Sunday, May 15, 2011

The tragedy of 'I Am'

Great ideas don’t always translate into great cinema. Provocative subjects cannot, alas, always translate into provocative story-telling.
Given the dramatic story of the making of I Am, and its unique ability to capture the popular imagination of the social media for its funding, it’s surprising - and deeply disappointing – how expectations are belied.

What has happened here, in this film, is very simple. The film is poorly written. Full stop.

 I Am deals with problems which generally don’t get discussed – paedophily and homosexuality, artifical insemination and displacement of a full community of people from their homes, here, the Kashmiri Pandits.
Afia has an infidel husband who leaves her and she decides to have a child from a semen-donor. Her best friend is shocked when Megha asks the friend to check with her brother, if he would like to be a donor. She asks another friend for his semen. All she receives is a snide comment “Sure, but can we do it the traditional way.”  Then she goes to a clinic for a donation. But before agreeing to his donation, she wants to meet the donor. She does. And the meeting is bland and meaningless. All that happens is that the donor seems to take a slight fancy for her. But she’s not interested. So? Where is the battle, the internal struggle with prejudice? Where, in the name of heavens, is the drum-beaten sensitivity? The fact that the donor seems to have built a minicrush on her, and she tears his number off is an apology of a climax, which shows nothing.


The meaningless story-telling continues in the second story. Take Megha, a Kashmiri Pandit, in the second story. She goes to Srinagar to give her house to the residents who are staying there, because her family had fled during times of extreme unrest. Self-obsessed with her sorrow of loss, she rants on and on, until her Kashmiri friend tells her about the loss which the situation had wrought in the lives of the locals, and what it had done to their ambitions too. This piece is shown as a realisation which is ridiculous. Particularly after Megha sees the army-ridden cantonment the whole city ahd become. She seriously didn’t realize that the locals were living half-lives forever in the shadow of fear and violence?

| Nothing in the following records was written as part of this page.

(* Let $v,w,X,Y\in\mathbb{R}^d$ with $\|X\|<\|v\|$ and $\|Y\|<\|w\|$, and define $$h(v,w,X,Y):=-\frac{\|X\|\|Y\|}{\|v\|\|w\|}+\sqrt{1-\frac{\|X\|^2}{\|v\|^2}}\sqrt{1-\frac{\|Y\|^2}{\|w\|^2}}.$$ If $\alpha(v,w)\leq h(v,w,X,Y)$, then $$\alpha(v+X,w+Y)\leq \alpha(v,w)\,h(v,w,X,Y)+\sqrt{1-\alpha(v,w)^2}\sqrt{1-h(v,w,X,Y)^2}.$$
   Context: For nonzero $a,b\in\mathbb{R}^d$, the cosine similarity is $\alpha(a,b)=\frac{\langle a,b\rangle}{\|a\|\|b\|}$. *)

From mathcomp Require Import all_boot all_order all_algebra.
Set Implicit Arguments. Unset Strict Implicit. Unset Printing Implicit Defensive.
Import Order.TTheory GRing.Theory Num.Theory.
Local Open Scope ring_scope.

Definition inner (R : rcfType) (d : nat) (a b : 'rV[R]_d) : R :=
  \sum_(i < d) a 0 i * b 0 i.

Definition enorm (R : rcfType) (d : nat) (a : 'rV[R]_d) : R :=
  Num.sqrt (inner a a).

(* cosine similarity alpha(a,b) = <a,b> / (|a| |b|)  (meaningful for a, b nonzero) *)
Definition cossim (R : rcfType) (d : nat) (a b : 'rV[R]_d) : R :=
  inner a b / (enorm a * enorm b).

Definition hfun (R : rcfType) (d : nat) (v w X Y : 'rV[R]_d) : R :=
  - (enorm X * enorm Y) / (enorm v * enorm w)
  + Num.sqrt (1 - enorm X ^+ 2 / enorm v ^+ 2)
    * Num.sqrt (1 - enorm Y ^+ 2 / enorm w ^+ 2).

(* Read cosine similarities as cosines of angles in [0, pi].  With
   sin t1 = |X|/|v| and sin t2 = |Y|/|w|, h is cos (t1 + t2), and the claim is
   that the angle between v + X and w + Y is at least angle(v, w) - t1 - t2.
   Adding X to v turns it by at most t1, the half-angle subtended by the ball
   of radius |X| around v; and angles between directions satisfy the triangle
   inequality, which is Cauchy-Schwarz applied to the components orthogonal
   to a third vector.  Chaining the two perturbations gives the bound.  There
   is no arccos over a real closed field, so angles are handled through their
   cosines, and the angle arithmetic becomes monotonicity and addition
   formulas for the cosine of a difference. *)

From mathcomp Require Import all_boot all_order all_algebra.
From mathcomp Require Import ring lra.
Import Order.TTheory GRing.Theory Num.Theory.
Local Open Scope ring_scope.

Section CosineDistance.
Context {R : rcfType}.
Implicit Types a k m s t : R.

(* For angles p, q in [0, pi] with cosines k, m, [cos_dist k m] is cos (p - q);
   for angles t1, t2 in [0, pi/2] with sines s1, s2, [cos_add s1 s2] is
   cos (t1 + t2). *)
Definition sin_of k := Num.sqrt (1 - k ^+ 2).

Definition cos_dist k m := k * m + sin_of k * sin_of m.

Definition cos_add s1 s2 := sin_of s1 * sin_of s2 - s1 * s2.

Lemma sin_of_ge0 k : 0 <= sin_of k.
Proof. exact: sqrtr_ge0. Qed.

Lemma sin_of_le1 k : sin_of k <= 1.
Proof. by rewrite -[leRHS]sqrtr1 ler_wsqrtr // gerBl sqr_ge0. Qed.

Lemma sqr_sin_of k : -1 <= k <= 1 -> sin_of k ^+ 2 = 1 - k ^+ 2.
Proof. by move=> /andP[k_ge k_le]; rewrite sqr_sqrtr //; nra. Qed.

Lemma sin_ofN k : sin_of (- k) = sin_of k.
Proof. by rewrite /sin_of sqrrN. Qed.

Lemma sin_of_eq s k : 0 <= s -> s ^+ 2 + k ^+ 2 = 1 -> sin_of k = s.
Proof. by move=> s_ge0 sk; rewrite /sin_of -sk addrK sqrtr_sqr ger0_norm. Qed.

Lemma sin_ofK s : 0 <= s <= 1 -> sin_of (sin_of s) = s.
Proof.
case/andP=> s_ge0 s_le1; apply: sin_of_eq => //.
by rewrite sqr_sin_of ?subrKC //; apply/andP; split; nra.
Qed.

Lemma le_sqrtM t A B : 0 <= A -> t ^+ 2 <= A * B -> t <= Num.sqrt A * Num.sqrt B.
Proof.
move=> A_ge0 tAB; rewrite -sqrtrM // (le_trans (ler_norm t)) // -sqrtr_sqr.
exact: ler_wsqrtr.
Qed.

Lemma sin_of_le k m : m ^+ 2 <= k ^+ 2 -> sin_of k <= sin_of m.
Proof. by move=> mk; apply: ler_wsqrtr; rewrite lerB. Qed.

(* sin (p - q) for the angles p >= q with cosines k <= m. *)
Lemma sin_sub_ge0 k m : k <= m -> 0 <= m * sin_of k - k * sin_of m.
Proof.
move=> km; have sk := sin_of_ge0 k; have sm := sin_of_ge0 m.
have [k_ge0|k_lt0] := lerP 0 k.
  have smk : sin_of m <= sin_of k by apply: sin_of_le; nra.
  nra.
have [m_ge0|m_lt0] := lerP 0 m; first nra.
have skm : sin_of k <= sin_of m by apply: sin_of_le; nra.
nra.
Qed.

Lemma cos_distC k m : cos_dist k m = cos_dist m k.
Proof. by rewrite /cos_dist mulrC (mulrC (sin_of k)). Qed.

Lemma cos_distNN k m : cos_dist (- k) (- m) = cos_dist k m.
Proof. by rewrite /cos_dist !sin_ofN mulrNN. Qed.

Lemma sin_of_cos_dist k m : -1 <= k -> k <= m -> m <= 1 ->
  sin_of (cos_dist k m) = m * sin_of k - k * sin_of m.
Proof.
move=> k_ge km m_le; apply: sin_of_eq; first exact: sin_sub_ge0.
have: (m ^+ 2 + sin_of m ^+ 2) * (k ^+ 2 + sin_of k ^+ 2) = 1.
  by rewrite !sqr_sin_of ?subrKC ?mulr1 //; apply/andP; split; lra.
by rewrite /cos_dist => <-; ring.
Qed.

(* Multiplied by [sin_of k + sin_of k'], the increment factors as [k' - k]
   times a sum of two nonnegative sines of differences. *)
Lemma cos_dist_le_l k k' m : -1 <= k -> k <= k' -> k' <= m -> m <= 1 ->
  cos_dist k m <= cos_dist k' m.
Proof.
move=> k_ge kk' k'm m_le.
have sk := sin_of_ge0 k; have sk' := sin_of_ge0 k'.
have sk2 : sin_of k ^+ 2 = 1 - k ^+ 2 by apply: sqr_sin_of; apply/andP; split; lra.
have sk'2 : sin_of k' ^+ 2 = 1 - k' ^+ 2 by apply: sqr_sin_of; apply/andP; split; lra.
have sin1 := sin_sub_ge0 _ _ (le_trans kk' k'm).
have sin2 := sin_sub_ge0 _ _ k'm.
have E : (sin_of k + sin_of k') * (cos_dist k' m - cos_dist k m) =
    (k' - k) * ((m * sin_of k - k * sin_of m) + (m * sin_of k' - k' * sin_of m)).
  have -> : (sin_of k + sin_of k') * (cos_dist k' m - cos_dist k m) =
      (sin_of k + sin_of k') * (k' - k) * m
      + sin_of m * (sin_of k' ^+ 2 - sin_of k ^+ 2) by rewrite /cos_dist; ring.
  by rewrite sk2 sk'2; ring.
have [s0|s_gt0] := eqVneq (sin_of k + sin_of k') 0.
  have sk0 : sin_of k = 0 by lra.
  have sk'0 : sin_of k' = 0 by lra.
  by rewrite sk0 in sk2; rewrite sk'0 in sk'2; rewrite /cos_dist sk0 sk'0; nra.
have s_pos : 0 < sin_of k + sin_of k' by rewrite lt_def s_gt0 addr_ge0.
rewrite -subr_ge0 -(pmulr_rge0 _ s_pos) E; nra.
Qed.

Lemma cos_dist_le k k' m m' : -1 <= k -> k <= k' -> k' <= m -> m <= m' -> m' <= 1 ->
  cos_dist k m' <= cos_dist k' m.
Proof.
move=> k_ge kk' k'm mm' m'_le.
apply: (@le_trans _ _ (cos_dist k' m')); first by apply: cos_dist_le_l; lra.
rewrite (cos_distC k') -(cos_distNN m') (cos_distC k') -(cos_distNN m).
apply: cos_dist_le_l; lra.
Qed.

Section AngleSum.
Variables s1 s2 : R.
Hypotheses (s1_ge0 : 0 <= s1) (s1_le1 : s1 <= 1) (s2_ge0 : 0 <= s2) (s2_le1 : s2 <= 1).

Let s1_bound : -1 <= s1 <= 1. Proof. by move: s1_ge0 s1_le1 => *; apply/andP; split; lra. Qed.
Let s2_bound : -1 <= s2 <= 1. Proof. by move: s2_ge0 s2_le1 => *; apply/andP; split; lra. Qed.

Lemma cos_add_le : cos_add s1 s2 <= sin_of s1.
Proof.
rewrite /cos_add lerBlDr ler_wpDr ?mulr_ge0 //.
by rewrite ler_piMr ?sin_of_ge0 ?sin_of_le1.
Qed.

Lemma sin_of_cos_add : sin_of (cos_add s1 s2) = s1 * sin_of s2 + sin_of s1 * s2.
Proof.
apply: sin_of_eq; first by rewrite addr_ge0 // mulr_ge0 // sin_of_ge0.
have := sqr_sin_of _ s1_bound; have := sqr_sin_of _ s2_bound.
rewrite /cos_add => c2 c1.
have -> : 1 = (sin_of s1 ^+ 2 + s1 ^+ 2) * (sin_of s2 ^+ 2 + s2 ^+ 2)
  by rewrite c1 c2 !subrK mulr1.
ring.
Qed.

Lemma cos_dist_cos_add : cos_dist (cos_add s1 s2) (sin_of s1) = sin_of s2.
Proof.
rewrite /cos_dist sin_of_cos_add sin_ofK ?s1_ge0 //.
have := sqr_sin_of _ s1_bound; rewrite /cos_add => c1.
rewrite [RHS](_ : _ = sin_of s2 * (sin_of s1 ^+ 2 + s1 ^+ 2)); first ring.
by rewrite c1 subrK mulr1.
Qed.

Lemma cos_dist_le_sin_of a : -1 <= a -> a <= cos_add s1 s2 ->
  cos_dist a (sin_of s1) <= sin_of s2.
Proof.
move=> a_ge ah; rewrite -cos_dist_cos_add.
by apply: cos_dist_le; rewrite ?cos_add_le ?sin_of_le1.
Qed.

Lemma cos_dist_cos_addA a : -1 <= a -> a <= cos_add s1 s2 ->
  cos_dist (cos_dist a (sin_of s1)) (sin_of s2) = cos_dist a (cos_add s1 s2).
Proof.
move=> a_ge ah.
rewrite {1}/cos_dist sin_of_cos_dist ?sin_of_le1 ?(le_trans ah cos_add_le) //.
rewrite /cos_dist !sin_ofK ?s1_ge0 ?s2_ge0 // sin_of_cos_add /cos_add; ring.
Qed.

End AngleSum.

End CosineDistance.

Section InnerProduct.
Context {R : rcfType} {d : nat}.
Implicit Types a b c v x y z : 'rV[R]_d.

Lemma innerC a b : inner a b = inner b a.
Proof. by apply: eq_bigr => i _; rewrite mulrC. Qed.

Lemma innerDl a b c : inner (a + b) c = inner a c + inner b c.
Proof. by rewrite /inner -big_split; apply: eq_bigr => i _; rewrite mxE mulrDl. Qed.

Lemma innerZl (r : R) a b : inner (r *: a) b = r * inner a b.
Proof. by rewrite /inner mulr_sumr; apply: eq_bigr => i _; rewrite mxE mulrA. Qed.

Lemma innerNl a b : inner (- a) b = - inner a b.
Proof. by rewrite -scaleN1r innerZl mulN1r. Qed.

Lemma innerDr a b c : inner a (b + c) = inner a b + inner a c.
Proof. by rewrite innerC innerDl !(innerC a). Qed.

Lemma innerZr (r : R) a b : inner a (r *: b) = r * inner a b.
Proof. by rewrite innerC innerZl innerC. Qed.

Lemma innerNr a b : inner a (- b) = - inner a b.
Proof. by rewrite innerC innerNl innerC. Qed.

Lemma inner_self_ge0 a : 0 <= inner a a.
Proof. by rewrite sumr_ge0 // => i _; rewrite -expr2 sqr_ge0. Qed.

Lemma inner_self0 a b : inner a a = 0 -> inner a b = 0.
Proof.
move=> /eqP; rewrite psumr_eq0 => [/allP a0|i _]; last by rewrite -expr2 sqr_ge0.
rewrite /inner big1 // => i _.
by move: (a0 i (mem_index_enum i)); rewrite /= mulf_eq0 orbb => /eqP ->; rewrite mul0r.
Qed.

Lemma inner_sqr_le a b : inner a b ^+ 2 <= inner a a * inner b b.
Proof.
have [a0|a_neq0] := eqVneq (inner a a) 0.
  by rewrite (inner_self0 _ b a0) a0 expr0n mul0r.
have a_gt0 : 0 < inner a a by rewrite lt_def a_neq0 inner_self_ge0.
rewrite -subr_ge0 -(pmulr_rge0 _ a_gt0).
set u := inner a a *: b - inner a b *: a.
suff -> : inner a a * (inner a a * inner b b - inner a b ^+ 2) = inner u u
  by exact: inner_self_ge0.
rewrite !(innerDl, innerDr, innerNl, innerNr, innerZl, innerZr) (innerC b a); ring.
Qed.

Lemma gram_sqr_le x y z :
  (inner x x * inner y z - inner x y * inner x z) ^+ 2
  <= (inner x x * inner y y - inner x y ^+ 2) * (inner x x * inner z z - inner x z ^+ 2).
Proof.
have [x0|x_neq0] := eqVneq (inner x x) 0.
  by rewrite x0 (inner_self0 _ y x0) (inner_self0 _ z x0); lra.
have x_gt0 : 0 < inner x x by rewrite lt_def x_neq0 inner_self_ge0.
pose proj u := inner x x *: u - inner x u *: x.
have inner_proj u w :
    inner (proj u) (proj w) = inner x x * (inner x x * inner u w - inner x u * inner x w).
  rewrite !(innerDl, innerDr, innerNl, innerNr, innerZl, innerZr) (innerC u x).
  ring.
have := inner_sqr_le (proj y) (proj z); rewrite !inner_proj => cs_proj.
by rewrite -(ler_pM2l (exprn_gt0 2 x_gt0)); lra.
Qed.

Lemma enorm_ge0 a : 0 <= enorm a.
Proof. exact: sqrtr_ge0. Qed.

Lemma sqr_enorm a : enorm a ^+ 2 = inner a a.
Proof. by rewrite sqr_sqrtr // inner_self_ge0. Qed.

Lemma enormN a : enorm (- a) = enorm a.
Proof. by rewrite /enorm innerNl innerNr opprK. Qed.

Lemma inner_le_enorm a b : inner a b <= enorm a * enorm b.
Proof. exact/le_sqrtM/inner_sqr_le/inner_self_ge0. Qed.

Lemma inner_cossim a b : 0 < enorm a -> 0 < enorm b ->
  inner a b = cossim a b * (enorm a * enorm b).
Proof. by move=> a_gt0 b_gt0; rewrite /cossim mulfVK // mulf_neq0 // gt_eqF. Qed.

Lemma cossim_bound a b : 0 < enorm a -> 0 < enorm b -> -1 <= cossim a b <= 1.
Proof.
move=> a_gt0 b_gt0; have ab_gt0 := mulr_gt0 a_gt0 b_gt0.
have := inner_le_enorm a b; have := inner_le_enorm (- a) b.
rewrite innerNl enormN (inner_cossim _ _ a_gt0 b_gt0) => *.
by apply/andP; split; nra.
Qed.

Lemma cossim_le_cos_dist x y z : 0 < enorm x -> 0 < enorm y -> 0 < enorm z ->
  cossim y z <= cos_dist (cossim x y) (cossim x z).
Proof.
move=> x_gt0 y_gt0 z_gt0.
have /andP[a_ge a_le] := cossim_bound _ _ x_gt0 y_gt0.
have := gram_sqr_le x y z; rewrite -!sqr_enorm.
rewrite (inner_cossim _ _ x_gt0 y_gt0) (inner_cossim _ _ x_gt0 z_gt0) (inner_cossim _ _ y_gt0 z_gt0).
set a := cossim x y in a_ge a_le *; set b := cossim x z; set g := cossim y z.
have F_gt0 : 0 < (enorm x ^+ 2 * enorm y * enorm z) ^+ 2.
  by rewrite exprn_gt0 // !mulr_gt0 // exprn_gt0.
rewrite [leLHS](_ : _ = (enorm x ^+ 2 * enorm y * enorm z) ^+ 2 * (g - a * b) ^+ 2); last ring.
rewrite [leRHS](_ : _ = (enorm x ^+ 2 * enorm y * enorm z) ^+ 2
                        * ((1 - a ^+ 2) * (1 - b ^+ 2))); last ring.
rewrite ler_pM2l // => gram.
suff : g - a * b <= sin_of a * sin_of b by rewrite /cos_dist; lra.
by apply: le_sqrtM => //; nra.
Qed.

Lemma enorm_add_gt0 v x : enorm x < enorm v -> 0 < enorm (v + x).
Proof.
move=> xv; have x_ge0 := enorm_ge0 x.
have t_ge := inner_le_enorm v (- x); rewrite innerNr enormN in t_ge.
have : 0 < enorm (v + x) ^+ 2.
  by rewrite sqr_enorm !(innerDl, innerDr) (innerC x v) -!sqr_enorm; nra.
by move=> /gt_eqF; rewrite sqrf_eq0 lt_def enorm_ge0 andbT => ->.
Qed.

Lemma cossim_add_ge v x : enorm x < enorm v -> sin_of (enorm x / enorm v) <= cossim v (v + x).
Proof.
move=> xv; have x_ge0 := enorm_ge0 x; have v_gt0 := le_lt_trans x_ge0 xv.
have vx_gt0 := enorm_add_gt0 _ _ xv.
have t_ge := inner_le_enorm v (- x); rewrite innerNr enormN in t_ge.
have sqr_vx : enorm (v + x) ^+ 2 = enorm v ^+ 2 + 2 * inner v x + enorm x ^+ 2.
  by rewrite !sqr_enorm !(innerDl, innerDr) (innerC x v); ring.
have cos_vx : cossim v (v + x) * (enorm v * enorm (v + x)) = enorm v ^+ 2 + inner v x.
  by rewrite -(inner_cossim _ _ v_gt0 vx_gt0) innerDr sqr_enorm.
move: (enorm v) (enorm x) (enorm (v + x)) (inner v x) (cossim v (v + x))
  v_gt0 x_ge0 xv vx_gt0 t_ge sqr_vx cos_vx => V X P t c V_gt0 X_ge0 XV P_gt0 t_ge sqr_P cos_c.
have VP_gt0 : 0 < V * P by rewrite mulr_gt0.
have c_ge0 : 0 <= c.
  by rewrite -(pmulr_lge0 _ VP_gt0) cos_c; nra.
rewrite -(ger0_norm c_ge0) -sqrtr_sqr; apply: ler_wsqrtr.
rewrite -(ler_pM2l (exprn_gt0 2 VP_gt0)).
have -> : (V * P) ^+ 2 * c ^+ 2 = (V ^+ 2 + t) ^+ 2 by rewrite -cos_c; ring.
have -> : (V * P) ^+ 2 * (1 - (X / V) ^+ 2) = P ^+ 2 * (V ^+ 2 - X ^+ 2).
  by field; rewrite gt_eqF.
rewrite sqr_P -subr_ge0.
have -> : (V ^+ 2 + t) ^+ 2 - (V ^+ 2 + 2 * t + X ^+ 2) * (V ^+ 2 - X ^+ 2) = (t + X ^+ 2) ^+ 2
  by ring.
exact: sqr_ge0.
Qed.

Lemma hfunE v w x y : hfun v w x y = cos_add (enorm x / enorm v) (enorm y / enorm w).
Proof. by rewrite /hfun /cos_add /sin_of !expr_div_n mulf_div mulNr addrC. Qed.

End InnerProduct.

Theorem lemma2 (R : rcfType) (d : nat) (v w X Y : 'rV[R]_d)
  (hX : enorm X < enorm v) (hY : enorm Y < enorm w)
  (hle : cossim v w <= hfun v w X Y) :
  cossim (v + X) (w + Y) <=
    cossim v w * hfun v w X Y
    + Num.sqrt (1 - cossim v w ^+ 2) * Num.sqrt (1 - hfun v w X Y ^+ 2).
Proof.
have v_gt0 := le_lt_trans (enorm_ge0 X) hX; have w_gt0 := le_lt_trans (enorm_ge0 Y) hY.
have p_gt0 := enorm_add_gt0 _ _ hX; have q_gt0 := enorm_add_gt0 _ _ hY.
have s1_ge0 : 0 <= enorm X / enorm v by rewrite divr_ge0 ?enorm_ge0 ?ltW.
have s1_le1 : enorm X / enorm v <= 1 by rewrite ler_pdivrMr // mul1r ltW.
have s2_ge0 : 0 <= enorm Y / enorm w by rewrite divr_ge0 ?enorm_ge0 ?ltW.
have s2_le1 : enorm Y / enorm w <= 1 by rewrite ler_pdivrMr // mul1r ltW.
change (cossim (v + X) (w + Y) <= cos_dist (cossim v w) (hfun v w X Y)).
rewrite hfunE in hle *.
have /andP[a_ge _] := cossim_bound _ _ v_gt0 w_gt0.
have /andP[_ vp_le] := cossim_bound _ _ v_gt0 p_gt0.
have /andP[wp_ge _] := cossim_bound _ _ w_gt0 p_gt0.
have /andP[_ wq_le] := cossim_bound _ _ w_gt0 q_gt0.
have a_le_c1 : cossim v w <= sin_of (enorm X / enorm v).
  by apply: le_trans hle _; apply: cos_add_le.
have wp_le : cossim w (v + X) <= cos_dist (cossim v w) (sin_of (enorm X / enorm v)).
  apply: le_trans (cossim_le_cos_dist _ _ _ v_gt0 w_gt0 p_gt0) _.
  by apply: cos_dist_le => //; apply: cossim_add_ge.
rewrite -cos_dist_cos_addA //.
apply: le_trans (cossim_le_cos_dist _ _ _ w_gt0 p_gt0 q_gt0) _.
by apply: cos_dist_le => //; [apply: cos_dist_le_sin_of | apply: cossim_add_ge].
Qed.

And then Abhimanyu. He is a perfectly normal man with a girlfriend, and he carries on with another woman with whom he seems to be having a fairly ambiguous relationship. And the pain he carries inside himself like a precious heirloom on a mantel is that he was a victim of paedophily by a step-father. And then after the stepfather dies, he tells his grieving mother the truth and asks her – you didn’t know? The fact that he was sexually molested was by itself frightening. But what was the effect on him? How was his life, beyond his father, compromised? There’s absolutley no indication of that. A song with Abhimanyu standing alone in public spaces is hardly enough to show his internal turmoil.

And then Omar, the homosexual. He picks up a guy, wants to make out in a car, and is accosted by a tough policeman, and has his money and belongings taken away. Until he discovers he was set up.  Now the simple fact - it wasn’t his gay intimacy which made him get accosted by the police. His fate would have been the same if he had been caught flagrante delecto in a car with a woman . And he would have had to face the same cruel consequences. Plain and simple. What else did he expect? The simplistic logic baffles.


Onir has been on a downward slide after My Brother Nikhil. His Bas Ek Pal was a shameless lift of an Aldomovar film. His Sorry Bhai was good-looking and empty-feeling. And in this film, his shallowness comes out in the lame writing and incoherent search for a core center, which is never really found.

The tragedy of the film lies in its lack of powerful stories which move and make us question our prejudices. Just picking up a topic doesn’t indicate an automatic investigation of all the issues which make the topic incendiary. For example, whilst in the Omar-sequence, the policeman scene is lacerating in its impact, it is a consequence more of Omar’s horniness and indiscriminate choice of picking someone off the street to make love to. Where is the trauma of being a gay?

The lack of ideas reflects in the faux-artiness in the Abhimanya-sequence where he keeps having dreams of himself as a girl. One sees no indication of him facing any real problems in his day-to-day life.

The tragedy of the film does not lie in its characters but its artless and clueless writer and director.